(* Let $m\ge1$, $y\in\mathbb{R}^{2m+1}_+$ with $c:=\sqrt{\sum_{i=0}^{2m}y_i}>0$, and let $(x^t)_{t\ge0}$ be generated by $x^{t+1}=I(x^t)$, where $$I(x)_j=x_j\,\frac1c\sum_{\ell=0}^m\frac{x_\ell\,y_{\ell+j}}{(x*x)_{\ell+j}},\qquad j=0,\dots,m,$$ from an initial $x^0\in\mathbb{R}^{m+1}_+$. If $x^\infty$ is a limit point of the sequence $(x^t)$, then $x^\infty=I(x^\infty)$.
   Context: For $x\in\mathbb{R}^{m+1}$ set $x_k=0$ for $k<0$, $k>m$, and $(x*x)_i=\sum_{j=0}^i x_{i-j}x_j$ for $i=0,\dots,2m$. The iteration is assumed well-defined (denominators positive, e.g. $x^0>0$). *)

From mathcomp Require Import all_boot all_order all_algebra.
From mathcomp Require Import reals.
Set Implicit Arguments. Unset Strict Implicit. Unset Printing Implicit Defensive.
Import Order.TTheory GRing.Theory Num.Theory.
Local Open Scope ring_scope.

Definition ext (R : realType) (n : nat) (x : 'I_n -> R) (k : nat) : R :=
  match insub k with Some i => x i | None => 0 end.

Definition conv (R : realType) (m : nat) (x : 'I_m.+1 -> R) (i : nat) : R :=
  \sum_(j < i.+1) ext x (i - j) * ext x j.

Definition cst (R : realType) (m : nat) (y : 'I_(2 * m).+1 -> R) : R :=
  Num.sqrt (\sum_(i < (2 * m).+1) y i).

Definition Imap (R : realType) (m : nat) (y : 'I_(2 * m).+1 -> R)
    (x : 'I_m.+1 -> R) (j : 'I_m.+1) : R :=
  x j * (1 / cst y) *
    \sum_(l < m.+1) x l * ext y (l + j) / conv x (l + j).

Definition limit_point (R : realType) (m : nat) (xs : nat -> 'I_m.+1 -> R)
    (xinf : 'I_m.+1 -> R) : Prop :=
  forall eps : R, 0 < eps -> forall N : nat,
    exists t : nat, (N <= t)%N /\ forall i, `|xs t i - xinf i| < eps.

(* The potential F(x) = sum_k y_k ln (x*x)_k does not decrease along the
   iteration.  Write I(x)_j = x_j g_j(x).  Since (I(x)*I(x))_k is the sum of
   x_l x_j g_l g_j over l + j = k, concavity of ln on each antidiagonal gives
   F(I(x)) - F(x) >= 2c sum_j I(x)_j ln g_j(x).  After one step sum_j x_j = c =
   sum_j I(x)_j, and with s = sqrt g the bound ln s >= 1 - 1/s turns the right
   hand side into at least (I(x)_j - x_j)^2 / 2.  As F <= sum_k y_k ln c^2 on
   the orbit, a limit point where I(x)_j <> x_j would, by continuity of I,
   force infinitely many increments of F bounded away from 0. *)

From mathcomp Require Import all_boot all_order all_algebra.
From mathcomp Require Import boolp classical_sets reals topology normedtype exp.
From mathcomp Require Import ring lra zify.
(* Imported last: [topology] has its own [limit_point]. *)
Import Order.TTheory GRing.Theory Num.Theory.
Set Implicit Arguments. Unset Strict Implicit. Unset Printing Implicit Defensive.
Import numFieldNormedType.Exports.
Local Open Scope classical_set_scope.
Local Open Scope ring_scope.

Section RealInequalities.
Variable R : realType.

Lemma ln_le_subr1 (u : R) : 0 < u -> ln u <= u - 1.
Proof. by move=> u0; have := @le_ln1Dx R (u - 1); rewrite [1 + _]addrC subrK; apply; lra. Qed.

Lemma ln_le_tangent (u c : R) : 0 < u -> 0 < c -> ln u <= ln c - 1 + u / c.
Proof.
move=> u0 c0; have := ln_le_subr1 (divr_gt0 u0 c0).
by rewrite ln_div ?posrE //; lra.
Qed.

Lemma sum_ln_le (I : finType) (P : pred I) (p v : I -> R) (c : R) :
  0 < c -> (forall i, P i -> 0 <= p i) -> (forall i, P i -> 0 < p i -> 0 < v i) ->
  \sum_(i | P i) p i * ln (v i) <=
    (\sum_(i | P i) p i) * (ln c - 1) + (\sum_(i | P i) p i * v i) / c.
Proof.
move=> c0 p_ge0 v_gt0; rewrite !mulr_suml -big_split /=; apply: ler_sum => i Pi.
have [->|pi0] := eqVneq (p i) 0; first by rewrite !mul0r addr0.
have pi_gt0 : 0 < p i by rewrite lt_def pi0 p_ge0.
rewrite -mulrA -mulrDr ler_wpM2l ?p_ge0 //.
exact: ln_le_tangent (v_gt0 _ Pi pi_gt0) c0.
Qed.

○ ○ ○ ○ ○ ○ ○

## Task prompt
Transcribe every entry exactly.

## Result below
(* Let $m\ge1$, $y\in\mathbb{R}^{2m+1}_+$ with $c:=\sqrt{\sum_{i=0}^{2m}y_i}>0$, and let $(x^t)_{t\ge0}$ be generated by $x^{t+1}=I(x^t)$, where $$I(x)_j=x_j\,\frac1c\sum_{\ell=0}^m\frac{x_\ell\,y_{\ell+j}}{(x*x)_{\ell+j}},\qquad j=0,\dots,m,$$ from an initial $x^0\in\mathbb{R}^{m+1}_+$. If $x^\infty$ is a limit point of the sequence $(x^t)$, then $x^\infty=I(x^\infty)$.
   Context: For $x\in\mathbb{R}^{m+1}$ set $x_k=0$ for $k<0$, $k>m$, and $(x*x)_i=\sum_{j=0}^i x_{i-j}x_j$ for $i=0,\dots,2m$. The iteration is assumed well-defined (denominators positive, e.g. $x^0>0$). *)

From mathcomp Require Import all_boot all_order all_algebra.
From mathcomp Require Import reals.
Set Implicit Arguments. Unset Strict Implicit. Unset Printing Implicit Defensive.
Import Order.TTheory GRing.Theory Num.Theory.
Local Open Scope ring_scope.

Definition ext (R : realType) (n : nat) (x : 'I_n -> R) (k : nat) : R :=
  match insub k with Some i => x i | None => 0 end.

Definition conv (R : realType) (m : nat) (x : 'I_m.+1 -> R) (i : nat) : R :=
  \sum_(j < i.+1) ext x (i - j) * ext x j.

Definition cst (R : realType) (m : nat) (y : 'I_(2 * m).+1 -> R) : R :=
  Num.sqrt (\sum_(i < (2 * m).+1) y i).

Definition Imap (R : realType) (m : nat) (y : 'I_(2 * m).+1 -> R)
    (x : 'I_m.+1 -> R) (j : 'I_m.+1) : R :=
  x j * (1 / cst y) *
    \sum_(l < m.+1) x l * ext y (l + j) / conv x (l + j).

Definition limit_point (R : realType) (m : nat) (xs : nat -> 'I_m.+1 -> R)
    (xinf : 'I_m.+1 -> R) : Prop :=
  forall eps : R, 0 < eps -> forall N : nat,
    exists t : nat, (N <= t)%N /\ forall i, `|xs t i - xinf i| < eps.

(* The potential F(x) = sum_k y_k ln (x*x)_k does not decrease along the
   iteration.  Write I(x)_j = x_j g_j(x).  Since (I(x)*I(x))_k is the sum of
   x_l x_j g_l g_j over l + j = k, concavity of ln on each antidiagonal gives
   F(I(x)) - F(x) >= 2c sum_j I(x)_j ln g_j(x).  After one step sum_j x_j = c =
   sum_j I(x)_j, and with s = sqrt g the bound ln s >= 1 - 1/s turns the right
   hand side into at least (I(x)_j - x_j)^2 / 2.  As F <= sum_k y_k ln c^2 on
   the orbit, a limit point where I(x)_j <> x_j would, by continuity of I,
   force infinitely many increments of F bounded away from 0. *)

From mathcomp Require Import all_boot all_order all_algebra.
From mathcomp Require Import boolp classical_sets reals topology normedtype exp.
From mathcomp Require Import ring lra zify.
(* Imported last: [topology] has its own [limit_point]. *)
Import Order.TTheory GRing.Theory Num.Theory.
Set Implicit Arguments. Unset Strict Implicit. Unset Printing Implicit Defensive.
Import numFieldNormedType.Exports.
Local Open Scope classical_set_scope.
Local Open Scope ring_scope.

Section RealInequalities.
Variable R : realType.

Lemma ln_le_subr1 (u : R) : 0 < u -> ln u <= u - 1.
Proof. by move=> u0; have := @le_ln1Dx R (u - 1); rewrite [1 + _]addrC subrK; apply; lra. Qed.

Lemma ln_le_tangent (u c : R) : 0 < u -> 0 < c -> ln u <= ln c - 1 + u / c.
Proof.
move=> u0 c0; have := ln_le_subr1 (divr_gt0 u0 c0).
by rewrite ln_div ?posrE //; lra.
Qed.

Lemma sum_ln_le (I : finType) (P : pred I) (p v : I -> R) (c : R) :
  0 < c -> (forall i, P i -> 0 <= p i) -> (forall i, P i -> 0 < p i -> 0 < v i) ->
  \sum_(i | P i) p i * ln (v i) <=
    (\sum_(i | P i) p i) * (ln c - 1) + (\sum_(i | P i) p i * v i) / c.
Proof.
move=> c0 p_ge0 v_gt0; rewrite !mulr_suml -big_split /=; apply: ler_sum => i Pi.
have [->|pi0] := eqVneq (p i) 0; first by rewrite !mul0r addr0.
have pi_gt0 : 0 < p i by rewrite lt_def pi0 p_ge0.
rewrite -mulrA -mulrDr ler_wpM2l ?p_ge0 //.
exact: ln_le_tangent (v_gt0 _ Pi pi_gt0) c0.
Qed.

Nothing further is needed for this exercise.